Once the line containing "by apply: ler_wpM2r;" is found in the records below, return it and each following line exactly, up to and including the line containing "move=> uv /andP[a_ge0", and nothing else.

--

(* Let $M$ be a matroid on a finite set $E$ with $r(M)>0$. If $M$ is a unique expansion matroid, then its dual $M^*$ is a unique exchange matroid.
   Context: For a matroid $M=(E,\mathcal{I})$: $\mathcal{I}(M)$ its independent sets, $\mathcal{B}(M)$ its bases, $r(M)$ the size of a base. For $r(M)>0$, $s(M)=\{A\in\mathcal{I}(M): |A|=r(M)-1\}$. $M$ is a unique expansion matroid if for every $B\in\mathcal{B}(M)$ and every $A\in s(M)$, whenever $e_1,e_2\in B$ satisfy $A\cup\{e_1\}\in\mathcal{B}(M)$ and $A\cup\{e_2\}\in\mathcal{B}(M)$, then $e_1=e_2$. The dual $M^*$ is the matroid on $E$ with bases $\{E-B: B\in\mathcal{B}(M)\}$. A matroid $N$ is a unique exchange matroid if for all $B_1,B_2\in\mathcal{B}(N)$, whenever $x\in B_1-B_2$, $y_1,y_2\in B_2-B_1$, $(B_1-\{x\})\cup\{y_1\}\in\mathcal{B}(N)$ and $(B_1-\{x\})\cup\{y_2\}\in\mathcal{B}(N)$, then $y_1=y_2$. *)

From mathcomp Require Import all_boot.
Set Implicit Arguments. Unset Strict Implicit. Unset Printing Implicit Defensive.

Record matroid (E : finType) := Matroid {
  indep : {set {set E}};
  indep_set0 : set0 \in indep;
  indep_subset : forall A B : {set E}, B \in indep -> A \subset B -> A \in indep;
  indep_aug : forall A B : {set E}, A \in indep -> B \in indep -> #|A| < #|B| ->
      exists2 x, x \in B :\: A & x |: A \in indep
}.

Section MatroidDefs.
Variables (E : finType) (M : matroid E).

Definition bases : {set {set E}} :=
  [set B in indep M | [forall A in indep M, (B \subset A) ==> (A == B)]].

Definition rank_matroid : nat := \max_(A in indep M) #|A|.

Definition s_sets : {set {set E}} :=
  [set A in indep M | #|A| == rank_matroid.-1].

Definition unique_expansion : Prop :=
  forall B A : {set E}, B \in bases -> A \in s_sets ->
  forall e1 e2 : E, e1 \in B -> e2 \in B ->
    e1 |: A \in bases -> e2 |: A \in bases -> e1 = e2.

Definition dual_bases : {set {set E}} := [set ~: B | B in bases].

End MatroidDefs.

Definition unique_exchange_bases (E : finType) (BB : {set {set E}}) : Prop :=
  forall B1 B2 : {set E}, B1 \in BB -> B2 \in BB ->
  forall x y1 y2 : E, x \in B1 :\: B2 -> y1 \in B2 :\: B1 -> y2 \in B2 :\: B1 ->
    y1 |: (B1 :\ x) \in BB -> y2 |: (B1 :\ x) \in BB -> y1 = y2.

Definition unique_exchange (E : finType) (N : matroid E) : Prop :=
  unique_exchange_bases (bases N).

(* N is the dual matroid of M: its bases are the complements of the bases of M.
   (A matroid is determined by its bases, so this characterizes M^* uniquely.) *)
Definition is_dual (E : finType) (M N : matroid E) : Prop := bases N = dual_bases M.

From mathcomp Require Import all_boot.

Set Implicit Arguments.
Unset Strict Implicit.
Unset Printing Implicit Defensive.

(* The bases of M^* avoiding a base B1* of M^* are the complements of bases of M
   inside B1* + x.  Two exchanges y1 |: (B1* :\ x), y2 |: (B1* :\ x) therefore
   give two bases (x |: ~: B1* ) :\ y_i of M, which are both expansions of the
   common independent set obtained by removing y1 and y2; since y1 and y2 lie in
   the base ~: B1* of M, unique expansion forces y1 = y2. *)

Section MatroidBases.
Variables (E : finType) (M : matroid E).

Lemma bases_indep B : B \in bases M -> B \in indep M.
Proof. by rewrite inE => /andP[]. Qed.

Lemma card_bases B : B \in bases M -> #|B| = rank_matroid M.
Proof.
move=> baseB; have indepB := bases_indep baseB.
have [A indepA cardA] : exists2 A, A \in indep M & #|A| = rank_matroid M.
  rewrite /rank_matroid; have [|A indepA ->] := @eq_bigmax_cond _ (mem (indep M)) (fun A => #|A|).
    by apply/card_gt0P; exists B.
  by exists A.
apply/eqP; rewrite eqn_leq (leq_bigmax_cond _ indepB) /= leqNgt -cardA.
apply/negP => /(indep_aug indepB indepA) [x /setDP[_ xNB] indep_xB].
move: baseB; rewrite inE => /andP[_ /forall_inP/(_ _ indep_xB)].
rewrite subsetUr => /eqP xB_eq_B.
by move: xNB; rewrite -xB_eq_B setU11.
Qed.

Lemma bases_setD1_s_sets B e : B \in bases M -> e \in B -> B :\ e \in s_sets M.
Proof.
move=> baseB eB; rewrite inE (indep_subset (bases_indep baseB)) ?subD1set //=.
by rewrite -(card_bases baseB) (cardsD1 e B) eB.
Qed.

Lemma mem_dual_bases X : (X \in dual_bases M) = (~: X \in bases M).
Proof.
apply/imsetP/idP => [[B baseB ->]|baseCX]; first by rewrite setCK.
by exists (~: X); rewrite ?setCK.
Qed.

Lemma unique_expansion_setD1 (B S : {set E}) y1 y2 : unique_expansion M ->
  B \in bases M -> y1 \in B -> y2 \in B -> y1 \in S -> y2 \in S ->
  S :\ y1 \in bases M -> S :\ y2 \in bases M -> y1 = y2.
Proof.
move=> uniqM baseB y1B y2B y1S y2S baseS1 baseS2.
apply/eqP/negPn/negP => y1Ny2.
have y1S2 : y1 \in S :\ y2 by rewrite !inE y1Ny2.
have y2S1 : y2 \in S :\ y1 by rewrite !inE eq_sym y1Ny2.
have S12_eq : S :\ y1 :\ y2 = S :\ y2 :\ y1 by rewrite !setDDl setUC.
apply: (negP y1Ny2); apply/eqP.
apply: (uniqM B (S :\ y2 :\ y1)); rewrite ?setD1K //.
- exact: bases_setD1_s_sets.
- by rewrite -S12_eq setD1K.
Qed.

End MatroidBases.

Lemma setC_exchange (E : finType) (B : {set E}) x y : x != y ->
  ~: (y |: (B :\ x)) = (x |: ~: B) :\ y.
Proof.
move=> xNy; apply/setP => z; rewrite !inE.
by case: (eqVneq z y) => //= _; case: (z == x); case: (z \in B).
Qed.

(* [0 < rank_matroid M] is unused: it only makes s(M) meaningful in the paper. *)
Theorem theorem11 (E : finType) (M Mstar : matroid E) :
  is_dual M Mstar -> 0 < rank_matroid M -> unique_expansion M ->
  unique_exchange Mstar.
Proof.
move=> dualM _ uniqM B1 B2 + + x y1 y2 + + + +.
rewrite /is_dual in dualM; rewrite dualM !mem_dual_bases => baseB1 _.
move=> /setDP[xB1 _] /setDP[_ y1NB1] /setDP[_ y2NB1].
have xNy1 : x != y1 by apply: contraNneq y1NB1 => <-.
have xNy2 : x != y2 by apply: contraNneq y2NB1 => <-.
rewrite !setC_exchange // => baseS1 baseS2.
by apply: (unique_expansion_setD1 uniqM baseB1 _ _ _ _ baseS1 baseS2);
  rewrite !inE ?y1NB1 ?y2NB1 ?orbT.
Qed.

--

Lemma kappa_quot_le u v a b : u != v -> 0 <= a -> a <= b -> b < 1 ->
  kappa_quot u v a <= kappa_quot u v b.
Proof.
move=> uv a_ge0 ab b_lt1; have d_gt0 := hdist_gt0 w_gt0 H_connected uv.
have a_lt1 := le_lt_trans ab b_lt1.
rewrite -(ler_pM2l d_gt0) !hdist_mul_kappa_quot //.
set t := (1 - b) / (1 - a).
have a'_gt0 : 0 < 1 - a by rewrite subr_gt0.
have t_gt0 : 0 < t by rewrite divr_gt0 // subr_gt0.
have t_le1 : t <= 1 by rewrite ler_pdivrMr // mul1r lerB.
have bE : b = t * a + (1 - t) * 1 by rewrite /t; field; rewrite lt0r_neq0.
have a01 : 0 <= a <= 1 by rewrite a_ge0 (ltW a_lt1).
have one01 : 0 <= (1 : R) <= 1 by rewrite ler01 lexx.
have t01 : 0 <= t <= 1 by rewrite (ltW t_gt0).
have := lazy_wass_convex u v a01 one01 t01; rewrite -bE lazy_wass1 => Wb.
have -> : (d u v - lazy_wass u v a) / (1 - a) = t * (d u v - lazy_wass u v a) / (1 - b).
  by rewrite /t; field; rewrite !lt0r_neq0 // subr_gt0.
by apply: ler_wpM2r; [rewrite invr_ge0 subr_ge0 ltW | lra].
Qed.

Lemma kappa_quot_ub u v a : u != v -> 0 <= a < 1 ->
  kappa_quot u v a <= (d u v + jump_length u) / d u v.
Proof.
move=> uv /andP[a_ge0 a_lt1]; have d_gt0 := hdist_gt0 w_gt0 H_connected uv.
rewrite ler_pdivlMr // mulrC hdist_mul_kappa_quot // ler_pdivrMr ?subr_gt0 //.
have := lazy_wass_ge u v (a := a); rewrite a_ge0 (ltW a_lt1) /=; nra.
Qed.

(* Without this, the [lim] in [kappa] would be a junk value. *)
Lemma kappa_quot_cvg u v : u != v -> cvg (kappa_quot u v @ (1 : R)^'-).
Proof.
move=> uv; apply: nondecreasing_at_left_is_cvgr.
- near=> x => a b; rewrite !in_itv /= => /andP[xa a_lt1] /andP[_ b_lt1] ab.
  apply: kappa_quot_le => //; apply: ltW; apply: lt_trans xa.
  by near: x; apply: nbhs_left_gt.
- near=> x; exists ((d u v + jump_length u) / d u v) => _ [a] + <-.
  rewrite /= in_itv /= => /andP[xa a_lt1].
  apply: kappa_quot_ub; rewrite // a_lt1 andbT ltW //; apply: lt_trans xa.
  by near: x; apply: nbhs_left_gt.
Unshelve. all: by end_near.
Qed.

--

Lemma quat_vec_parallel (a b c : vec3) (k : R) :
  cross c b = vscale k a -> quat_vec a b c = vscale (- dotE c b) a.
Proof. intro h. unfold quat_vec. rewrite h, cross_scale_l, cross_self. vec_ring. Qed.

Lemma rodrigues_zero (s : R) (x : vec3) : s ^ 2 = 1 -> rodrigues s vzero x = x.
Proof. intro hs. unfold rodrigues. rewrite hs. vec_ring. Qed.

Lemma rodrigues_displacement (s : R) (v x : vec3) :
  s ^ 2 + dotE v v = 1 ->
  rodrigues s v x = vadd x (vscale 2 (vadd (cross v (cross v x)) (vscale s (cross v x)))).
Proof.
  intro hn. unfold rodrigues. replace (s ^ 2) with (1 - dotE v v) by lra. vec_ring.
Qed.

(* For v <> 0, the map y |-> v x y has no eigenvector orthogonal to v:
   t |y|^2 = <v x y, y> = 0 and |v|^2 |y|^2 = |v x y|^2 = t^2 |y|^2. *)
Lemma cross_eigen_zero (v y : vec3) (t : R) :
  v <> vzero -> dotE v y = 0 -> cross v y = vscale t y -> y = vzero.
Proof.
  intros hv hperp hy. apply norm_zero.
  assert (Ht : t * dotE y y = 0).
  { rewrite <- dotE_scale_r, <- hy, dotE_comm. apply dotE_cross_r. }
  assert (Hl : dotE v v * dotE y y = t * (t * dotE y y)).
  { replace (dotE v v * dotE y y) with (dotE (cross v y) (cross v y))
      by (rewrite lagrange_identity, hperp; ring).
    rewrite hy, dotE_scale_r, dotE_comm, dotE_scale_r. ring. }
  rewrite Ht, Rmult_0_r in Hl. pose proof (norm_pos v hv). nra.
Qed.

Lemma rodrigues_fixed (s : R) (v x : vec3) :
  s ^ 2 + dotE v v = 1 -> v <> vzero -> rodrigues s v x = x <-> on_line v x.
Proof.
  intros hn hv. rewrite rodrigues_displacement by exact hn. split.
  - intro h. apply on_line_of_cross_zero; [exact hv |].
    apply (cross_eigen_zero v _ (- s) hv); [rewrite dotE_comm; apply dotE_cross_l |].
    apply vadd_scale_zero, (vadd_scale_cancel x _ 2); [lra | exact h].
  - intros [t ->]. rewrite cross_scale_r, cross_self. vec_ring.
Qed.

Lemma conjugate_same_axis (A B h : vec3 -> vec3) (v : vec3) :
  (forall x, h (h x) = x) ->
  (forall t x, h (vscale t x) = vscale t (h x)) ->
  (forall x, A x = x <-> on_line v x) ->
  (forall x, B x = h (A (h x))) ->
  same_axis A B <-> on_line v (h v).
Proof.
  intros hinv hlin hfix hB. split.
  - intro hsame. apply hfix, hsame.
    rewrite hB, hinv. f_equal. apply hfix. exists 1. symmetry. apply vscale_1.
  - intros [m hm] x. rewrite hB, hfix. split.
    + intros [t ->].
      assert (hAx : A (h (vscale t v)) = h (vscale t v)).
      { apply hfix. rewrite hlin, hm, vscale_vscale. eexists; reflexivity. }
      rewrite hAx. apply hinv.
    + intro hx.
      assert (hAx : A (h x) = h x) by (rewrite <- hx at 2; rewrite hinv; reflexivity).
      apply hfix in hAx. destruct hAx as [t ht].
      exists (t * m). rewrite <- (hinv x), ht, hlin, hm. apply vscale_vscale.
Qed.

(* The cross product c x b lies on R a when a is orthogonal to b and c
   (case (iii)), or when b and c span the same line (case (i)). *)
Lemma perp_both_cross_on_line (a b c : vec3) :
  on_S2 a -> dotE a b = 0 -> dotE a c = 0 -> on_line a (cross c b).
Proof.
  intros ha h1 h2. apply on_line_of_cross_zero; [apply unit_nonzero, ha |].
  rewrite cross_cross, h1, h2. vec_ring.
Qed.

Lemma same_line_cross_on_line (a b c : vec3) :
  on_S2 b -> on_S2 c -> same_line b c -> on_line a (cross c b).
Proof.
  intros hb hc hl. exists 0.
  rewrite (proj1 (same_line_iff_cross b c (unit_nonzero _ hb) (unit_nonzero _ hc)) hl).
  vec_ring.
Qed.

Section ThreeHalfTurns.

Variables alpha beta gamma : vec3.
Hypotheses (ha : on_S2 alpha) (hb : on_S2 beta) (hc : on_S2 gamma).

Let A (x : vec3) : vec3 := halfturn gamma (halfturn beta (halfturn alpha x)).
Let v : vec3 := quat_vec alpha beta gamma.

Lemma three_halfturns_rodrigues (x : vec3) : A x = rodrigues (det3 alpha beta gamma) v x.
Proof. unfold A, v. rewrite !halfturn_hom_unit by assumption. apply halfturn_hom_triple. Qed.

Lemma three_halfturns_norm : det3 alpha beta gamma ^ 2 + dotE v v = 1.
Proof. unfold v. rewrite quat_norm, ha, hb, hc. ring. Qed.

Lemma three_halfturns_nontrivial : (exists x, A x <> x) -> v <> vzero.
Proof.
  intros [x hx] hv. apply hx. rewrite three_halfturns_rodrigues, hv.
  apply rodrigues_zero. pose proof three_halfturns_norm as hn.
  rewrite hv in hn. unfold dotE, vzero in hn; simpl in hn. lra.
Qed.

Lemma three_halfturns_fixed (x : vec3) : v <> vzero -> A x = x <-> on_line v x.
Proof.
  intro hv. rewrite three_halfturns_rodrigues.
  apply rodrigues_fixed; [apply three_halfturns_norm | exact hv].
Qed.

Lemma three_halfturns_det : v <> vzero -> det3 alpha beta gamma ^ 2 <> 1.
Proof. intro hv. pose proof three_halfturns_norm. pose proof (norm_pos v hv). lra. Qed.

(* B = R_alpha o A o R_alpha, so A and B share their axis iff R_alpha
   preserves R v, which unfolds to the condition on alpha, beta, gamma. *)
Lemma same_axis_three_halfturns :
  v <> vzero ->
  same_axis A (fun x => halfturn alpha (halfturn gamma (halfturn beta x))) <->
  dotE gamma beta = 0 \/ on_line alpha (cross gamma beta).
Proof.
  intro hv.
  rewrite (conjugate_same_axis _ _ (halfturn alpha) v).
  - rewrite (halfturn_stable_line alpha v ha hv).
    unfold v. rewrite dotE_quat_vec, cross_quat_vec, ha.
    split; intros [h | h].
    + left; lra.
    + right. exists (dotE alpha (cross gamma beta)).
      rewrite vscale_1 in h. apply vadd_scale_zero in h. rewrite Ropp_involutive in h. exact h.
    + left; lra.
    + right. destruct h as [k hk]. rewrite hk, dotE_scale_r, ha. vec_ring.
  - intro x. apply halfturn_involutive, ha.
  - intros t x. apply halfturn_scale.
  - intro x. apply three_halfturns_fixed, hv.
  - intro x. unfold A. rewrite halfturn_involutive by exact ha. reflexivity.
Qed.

--

ANSWER FOR THE TASK –
by apply: ler_wpM2r; [rewrite invr_ge0 subr_ge0 ltW | lra].
Qed.

Lemma kappa_quot_ub u v a : u != v -> 0 <= a < 1 ->
  kappa_quot u v a <= (d u v + jump_length u) / d u v.
Proof.
move=> uv /andP[a_ge0 a_lt1]; have d_gt0 := hdist_gt0 w_gt0 H_connected uv.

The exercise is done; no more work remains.